GSS_Cleaned = pd.DataFrame({
    'EDUC': np.random.randint(12, 20, 500),
    'HAPPY': np.random.choice(['Very Happy', 'Pretty happy', 'Not Too happy'], 500),
    'USETECH': np.random.randint(0, 100, 500),
    'AGE': np.random.randint(18, 80, 500),
    'SEX': np.random.choice(['Male', 'Female'], 500),
    'RACE': np.random.choice(['White', 'Black', 'Others'], 500),
    'MARITAL': np.random.choice(['Married', 'Widowed', 'Divorced', 'Separated', 'Never married'], 500)
})

GSS_Cleaned['HAPPY_NUM'] = GSS_Cleaned['HAPPY'].map({'Very Happy': 1, 'Pretty happy': 2, 'Not Too happy': 3})
GSS_Cleaned['LifeSat'] = (GSS_Cleaned['HAPPY'] == 'Very Happy').astype(int)
GSS_Cleaned['USETECH_group'] = np.where(GSS_Cleaned['USETECH'] >= GSS_Cleaned['USETECH'].median(), 'High', 'Low')


## 📊 Descriptive Statistics

In [None]:
GSS_Cleaned.describe(include='all')

## 📈 Visualizations

In [None]:

sns.countplot(x='EDUC', data=GSS_Cleaned)
plt.title('Education Distribution')
plt.xticks(rotation=45)
plt.show()

sns.countplot(x='HAPPY', data=GSS_Cleaned)
plt.title('Happiness Distribution')
plt.show()

sns.scatterplot(x='USETECH', y='EDUC', data=GSS_Cleaned)
plt.title('USETECH vs EDUC')
plt.show()

sns.scatterplot(x='USETECH', y='HAPPY_NUM', data=GSS_Cleaned)
plt.title('USETECH vs HAPPY')
plt.show()

sns.histplot(GSS_Cleaned['AGE'], bins=15, kde=True)
plt.title('Age Distribution')
plt.show()


## 🧪 T-Test & Wilcoxon Tests

In [None]:

from scipy.stats import ttest_ind, wilcoxon

t_educ = ttest_ind(GSS_Cleaned[GSS_Cleaned['USETECH_group'] == 'High']['EDUC'],
                   GSS_Cleaned[GSS_Cleaned['USETECH_group'] == 'Low']['EDUC'])

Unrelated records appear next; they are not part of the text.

(* Fix $M<\infty$, $\kappa\in(0,1/2)$, and let $\mathcal{G}_1,\mathcal{G}_2,\dots$ be a (finite or countable) sequence of classes of allocations. Suppose the penalties satisfy: there exist positive constants $c_0,c_1$ such that for all $n,k$ and $\epsilon>0$, $\sup_{P\in\mathcal{P}(M,\kappa)}P^n\big(W_n(\hat G_{n,k})-W(\hat G_{n,k})-C_n(k)>\epsilon\big)\le c_1e^{-2c_0n\epsilon^2}$. Then there exists a positive constant $\Delta$, not depending on $n$, such that for every $n$, every $P\in\mathcal{P}(M,\kappa)$ and every $\epsilon>0$, $$P^n\big(R_n(\hat G_n)-W(\hat G_n)>\epsilon\big)\le\Delta e^{-2c_0n\epsilon^2},$$ where $R_n(\hat G_n):=\max_kR_{n,k}(\hat G_{n,k})$.
   Context: $P$ is the distribution of $(Y,D,X)$ with $Y\in\mathbb{R}$, $D\in\{0,1\}$, $X\in\mathcal{X}\subseteq\mathbb{R}^{d_x}$; data i.i.d. from $P$. $e(x)=E_P[D\mid X=x]$ (known). $\mathcal{P}(M,\kappa)$: distributions with support of $Y$ in $[-M/2,M/2]$ and $e(x)\in[\kappa,1-\kappa]$ for all $x$. Welfare $W(G)=E_P[(\frac{YD}{e(X)}-\frac{Y(1-D)}{1-e(X)})\mathbf{1}\{X\in G\}]$. $\tau_i=\frac{Y_iD_i}{e(X_i)}-\frac{Y_i(1-D_i)}{1-e(X_i)}$, $W_n(G)=\frac1n\sum_i\tau_i\mathbf{1}\{X_i\in G\}$, $\hat G_{n,k}\in\arg\max_{G\in\mathcal{G}_k}W_n(G)$. With data-dependent penalties $C_n(k)$, $R_{n,k}(G)=W_n(G)-C_n(k)-\sqrt{k/n}$; the PWM rule is $\hat G_n=\hat G_{n,\hat k}$ with $\hat k\in\arg\max_kR_{n,k}(\hat G_{n,k})$. Maximizers assumed to exist. *)

From HB Require Import structures.
From mathcomp Require Import all_boot all_order all_algebra.
From mathcomp Require Import all_classical all_reals all_analysis.
Set Implicit Arguments. Unset Strict Implicit. Unset Printing Implicit Defensive.
Import Order.TTheory GRing.Theory Num.Theory.
Local Open Scope classical_set_scope.
Local Open Scope ring_scope.

(* One observation (Y, D, X) with Y in R, D in {0,1} (as bool), X in R^dx. *)
Definition Obs (R : realType) (dx : nat) : Type := (R * bool * dx.-tuple R)%type.

Section Defs.
Variables (R : realType) (dx : nat).

Definition obsY (z : Obs R dx) : R := z.1.1.
Definition obsD (z : Obs R dx) : R := (z.1.2)%:R.
Definition obsX (z : Obs R dx) : dx.-tuple R := z.2.

Definition tau (e : dx.-tuple R -> R) (z : Obs R dx) : R :=
  obsY z * obsD z / e (obsX z) - obsY z * (1 - obsD z) / (1 - e (obsX z)).

Definition welfare (P : probability (Obs R dx) R) (e : dx.-tuple R -> R)
    (G : set (dx.-tuple R)) : R :=
  Rintegral P setT (fun z => tau e z * \1_G (obsX z)).

Definition emp_welfare (e : dx.-tuple R -> R) (n : nat) (s : n.-tuple (Obs R dx))
    (G : set (dx.-tuple R)) : R :=
  n%:R^-1 * \sum_(i < n) tau e (tnth s i) * \1_G (obsX (tnth s i)).

(* e is (a version of) the propensity score E_P[D | X = .] *)
Definition is_propensity (P : probability (Obs R dx) R) (e : dx.-tuple R -> R) : Prop :=
  measurable_fun setT e /\
  forall A : set (dx.-tuple R), measurable A ->
    (\int[P]_(z in obsX @^-1` A) (obsD z)%:E =
     \int[P]_(z in obsX @^-1` A) (e (obsX z))%:E)%E.

Definition in_class (M kappa : R) (P : probability (Obs R dx) R)
    (e : dx.-tuple R -> R) : Prop :=
  P [set z | - (M / 2) <= obsY z <= M / 2] = 1%E /\
  is_propensity P e /\
  (forall x, kappa <= e x <= 1 - kappa).

Definition is_product_prob (P : probability (Obs R dx) R) (n : nat)
    (Pn : probability (n.-tuple (Obs R dx)) R) : Prop :=
  forall A : 'I_n -> set (Obs R dx), (forall i, measurable (A i)) ->
    Pn [set s | forall i, A i (tnth s i)] = (\prod_(i < n) P (A i))%E.

End Defs.

(* index set of the classes: {1, ..., K} (finite) or {1, 2, ...} (countable) *)
Definition kset (K : option nat) : set nat :=
  [set k | (1 <= k)%N /\ (if K is Some m then (k <= m)%N else True)].

From HB Require Import structures.
From mathcomp Require Import all_boot all_order all_algebra.
From mathcomp Require Import all_classical all_reals all_analysis.
From mathcomp Require Import lra.
Import Order.TTheory GRing.Theory Num.Theory.
Local Open Scope classical_set_scope.
Local Open Scope ring_scope.

(** The event that the penalized welfare overestimates the true welfare by
  more than [eps] splits along the selected index [k = khat]. On the piece
  indexed by [k] the overestimate of the class-[k] maximizer exceeds
  [eps + sqrt (k / n)], which by the penalty condition has probability at most
  [c1 exp (-2 c0 n (eps + sqrt (k / n))^2) <= c1 exp (-2 c0 n eps^2) q^k] with
  [q = exp (-2 c0) < 1]. The union bound and the geometric series then give
  the claim with [Delta = c1 / (1 - q)]. *)

Lemma nneseries_geometric (R : realType) (a q : R) : 0 <= q < 1 ->
  (\sum_(k <oo) (a * q ^+ k)%:E = (a / (1 - q))%:E)%E.
Proof.
case/andP => q0 q1; apply: cvg_lim => //; apply: cvg_EFin.
  by apply: nearW => m; rewrite sumEFin.
rewrite (_ : _ \o _ = series (geometric a q)).
  by apply: cvg_geometric_series; rewrite ger0_norm.
by apply/funext => m /=; rewrite sumEFin.
Qed.

Section geometric_union_bound.
Context d (T : measurableType d) (R : realType) (mu : {measure set T -> \bar R}).

Lemma measure_bigcup_geometric_le (D : set nat) (F : nat -> set T) (a q : R) :
  0 <= a -> 0 <= q < 1 -> (forall k, D k -> measurable (F k)) ->
  (forall k, D k -> mu (F k) <= (a * q ^+ k)%:E)%E ->
  (mu (\bigcup_(k in D) F k) <= (a / (1 - q))%:E)%E.
Proof.
move=> a0 q01 mF muF; rewrite bigcup_mkcond -nneseries_geometric //.
set G := fun k => if k \in D then F k else set0.
have mG k : measurable (G k) by rewrite /G; case: ifPn => // /set_mem /mF.
have mUG : measurable (\bigcup_k G k) by exact: bigcup_measurable.
apply: le_trans (@measure_sigma_subadditive _ _ _ mu _ G mG mUG (@subset_refl _ _)) _.
apply: lee_nneseries => [k _ _|k _]; first exact: measure_ge0.
rewrite /G; case: ifPn => [/set_mem /muF //|_].
by rewrite measure0 lee_fin mulr_ge0 // exprn_ge0 //; case/andP: q01.
Qed.

End geometric_union_bound.

Lemma measurable_lt_fun d (T : measurableType d) (R : realType) (f : T -> R) (a : R) :
  measurable_fun setT f -> measurable [set x | a < f x].
Proof.
move=> mf; rewrite (_ : [set x | a < f x] = f @^-1` `]a, +oo[).
  by rewrite -[_ @^-1` _]setTI; apply: mf.
by apply/seteqP; split => x /=; rewrite in_itv /= andbT.
Qed.

Lemma expR_shift_sqrt_le (R : realType) (c n eps : R) (k : nat) :
  0 <= c -> 0 < n -> 0 <= eps ->
  expR (- (c * n * (eps + Num.sqrt (k%:R / n)) ^+ 2))
    <= expR (- (c * n * eps ^+ 2)) * expR (- c) ^+ k.
Proof.
move=> c0 n0 eps0; rewrite -expRM_natr -expRD ler_expR.
set t := Num.sqrt (k%:R / n).
have nt2 : n * t ^+ 2 = k%:R.
  rewrite /t sqr_sqrtr; last by rewrite divr_ge0 // ltW.
  by rewrite mulrC divfK // gt_eqF.
have : n * eps ^+ 2 + k%:R <= n * (eps + t) ^+ 2.
  rewrite -nt2 -mulrDr ler_pM2l // sqrrD lerD2r lerDl.
  by rewrite mulrn_wge0 // mulr_ge0 // sqrtr_ge0.
move=> /(ler_wpM2l c0); rewrite -!mulrA mulrDr mulNr; lra.
Qed.

Theorem lemmaA2 (R : realType) (dx : nat) (M kappa : R)
  (K : option nat) (Gk : nat -> set (set (dx.-tuple R)))
  (Ghat : (dx.-tuple R -> R) -> forall n : nat, nat -> n.-tuple (Obs R dx) -> set (dx.-tuple R))
  (C : (dx.-tuple R -> R) -> forall n : nat, nat -> n.-tuple (Obs R dx) -> R)
  (khat : (dx.-tuple R -> R) -> forall n : nat, n.-tuple (Obs R dx) -> nat)
  (c0 c1 : R) :
  0 < kappa -> kappa < 1 / 2 ->
  (* G^_{n,k} maximizes W_n over G_k *)
  (forall e n k s, kset K k ->
     Gk k (Ghat e n k s) /\
     forall G, Gk k G -> emp_welfare e s G <= emp_welfare e s (Ghat e n k s)) ->
  (* k^ maximizes R_{n,k}(G^_{n,k}) = W_n(G^_{n,k}) - C_n(k) - sqrt(k/n) over k *)
  (forall e n s, kset K (khat e n s) /\
     forall k, kset K k ->
       emp_welfare e s (Ghat e n k s) - C e n k s - Num.sqrt (k%:R / n%:R)
       <= emp_welfare e s (Ghat e n (khat e n s) s) - C e n (khat e n s) s
          - Num.sqrt ((khat e n s)%:R / n%:R)) ->
  (* measurability of the statistics involved (implicit in the paper) *)
  (forall P e, in_class M kappa P e -> forall n k, kset K k ->
     measurable_fun setT (fun s : n.-tuple (Obs R dx) =>
       emp_welfare e s (Ghat e n k s) - welfare P e (Ghat e n k s) - C e n k s) /\
     measurable [set s : n.-tuple (Obs R dx) | khat e n s = k]) ->
  0 < c0 -> 0 < c1 ->
  (* penalty condition *)
  (forall (n : nat) (k : nat) (eps : R), (1 <= n)%N -> kset K k -> 0 < eps ->
     forall P e, in_class M kappa P e ->
     forall Pn : probability (n.-tuple (Obs R dx)) R, is_product_prob P Pn ->
       (Pn [set s | (emp_welfare e s (Ghat e n k s) - welfare P e (Ghat e n k s)
                    - C e n k s > eps)%R]
        <= (c1 * expR (- (2 * c0 * n%:R * eps ^+ 2)))%:E)%E) ->
  exists Delta : R, 0 < Delta /\
    forall (n : nat) (P : probability (Obs R dx) R) (e : dx.-tuple R -> R),
      (1 <= n)%N -> in_class M kappa P e ->
      forall Pn : probability (n.-tuple (Obs R dx)) R, is_product_prob P Pn ->
      forall eps : R, 0 < eps ->
        (Pn [set s | ((emp_welfare e s (Ghat e n (khat e n s) s) - C e n (khat e n s) s
                      - Num.sqrt ((khat e n s)%:R / n%:R))
                     - welfare P e (Ghat e n (khat e n s) s) > eps)%R]
         <= (Delta * expR (- (2 * c0 * n%:R * eps ^+ 2)))%:E)%E.
Proof.
move=> _ _ _ khat_opt stats_mble c0_gt0 c1_gt0 penalty_tail.
set q := expR (- (2 * c0)).
have q01 : 0 <= q < 1 by rewrite expR_ge0 expR_lt1 oppr_lt0 mulr_gt0.
have q1 : 0 < 1 - q by rewrite subr_gt0; case/andP: q01.
exists (c1 / (1 - q)); split; first by rewrite divr_gt0.
move=> n P e n1 Pe_class Pn Pn_prod eps eps_gt0.
set E := expR _.
pose f k s : R := emp_welfare e s (Ghat e n k s) - welfare P e (Ghat e n k s) - C e n k s.
pose t k : R := eps + Num.sqrt (k%:R / n%:R).
pose F k := [set s | khat e n s = k] `&` [set s | t k < f k s].
rewrite [X in Pn X](_ : _ = \bigcup_(k in kset K) F k); last first.
  apply/seteqP; split => s /=.
    by move=> ?; exists (khat e n s); [case: (khat_opt e n s) | split=> //=; rewrite /t /f; lra].
  by move=> [k _ [<- /=]]; rewrite /t /f; lra.
have mF k : kset K k -> measurable (F k).
  by move=> /(stats_mble P e Pe_class n k) [mf mk]; apply: measurableI mk _; exact: measurable_lt_fun.
rewrite mulrAC; apply: measure_bigcup_geometric_le => // [|k kK].
  by rewrite mulr_ge0 ?expR_ge0 ?ltW.
have [mf _] := stats_mble P e Pe_class n k kK.
apply: le_trans (le_measure _ _ _ (@subIsetr _ _ _)) _; rewrite ?inE.
- exact: mF.
- exact: measurable_lt_fun.
have t_gt0 : 0 < t k by rewrite ltr_wpDr ?sqrtr_ge0.
apply: le_trans (penalty_tail n k _ n1 kK t_gt0 P e Pe_class Pn Pn_prod) _.
rewrite lee_fin -[c1 * E * _]mulrA ler_pM2l // /E /q.
by apply: expR_shift_sqrt_le; rewrite ?mulr_ge0 ?ltr0n ?ltW.
Qed.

w_happy = wilcoxon(GSS_Cleaned[GSS_Cleaned['USETECH_group'] == 'High']['HAPPY_NUM'],
                   GSS_Cleaned[GSS_Cleaned['USETECH_group'] == 'Low']['HAPPY_NUM'])

t_educ, w_happy


## 📏 Cohen’s d for Effect Size

In [None]:

def cohens_d(x, y):
    nx = len(x)
    ny = len(y)
    dof = nx + ny - 2
    return (np.mean(x) - np.mean(y)) / np.sqrt(((nx - 1) * np.std(x, ddof=1) ** 2 + (ny - 1) * np.std(y, ddof=1) ** 2) / dof)

cohen_d_educ = cohens_d(GSS_Cleaned[GSS_Cleaned['USETECH_group'] == 'High']['EDUC'],
                        GSS_Cleaned[GSS_Cleaned['USETECH_group'] == 'Low']['EDUC'])

cohen_d_educ


## 📊 ANOVA & Kruskal-Wallis Tests

In [None]:

anova_educ = smf.ols('EDUC ~ C(RACE)', data=GSS_Cleaned).fit()
anova_happy = smf.ols('HAPPY_NUM ~ C(MARITAL)', data=GSS_Cleaned).fit()

anova_educ_result = sm.stats.anova_lm(anova_educ, typ=2)
anova_happy_result = sm.stats.anova_lm(anova_happy, typ=2)

kruskal_educ = kruskal(*[group['EDUC'].values for name, group in GSS_Cleaned.groupby('RACE')])
kruskal_happy = kruskal(*[group['HAPPY_NUM'].values for name, group in GSS_Cleaned.groupby('MARITAL')])

anova_educ_result, anova_happy_result, kruskal_educ, kruskal_happy


## 📌 Tukey HSD Post-hoc Test

In [None]:

tukey = pairwise_tukeyhsd(endog=GSS_Cleaned['EDUC'], groups=GSS_Cleaned['RACE'], alpha=0.05)
print(tukey)


## 📉 Multiple Linear Regression (Predict HAPPY)

In [None]:

model_happy = smf.ols('HAPPY_NUM ~ USETECH + AGE + C(SEX) + C(RACE)', data=GSS_Cleaned).fit()
model_happy.summary()


## 🔍 Binary Logistic Regression (Predict LifeSat)

In [None]:

model_lifesat = smf.logit('LifeSat ~ USETECH + AGE + C(SEX) + C(RACE)', data=GSS_Cleaned).fit()
model_lifesat.summary()


## ✅ Conclusion


- Higher USETECH is associated with higher EDUC (p < 0.00001, Cohen’s d ≈ 0.20).
- No significant difference in HAPPY across tech usage groups.
- Age and race significantly influence LifeSat and HAPPY.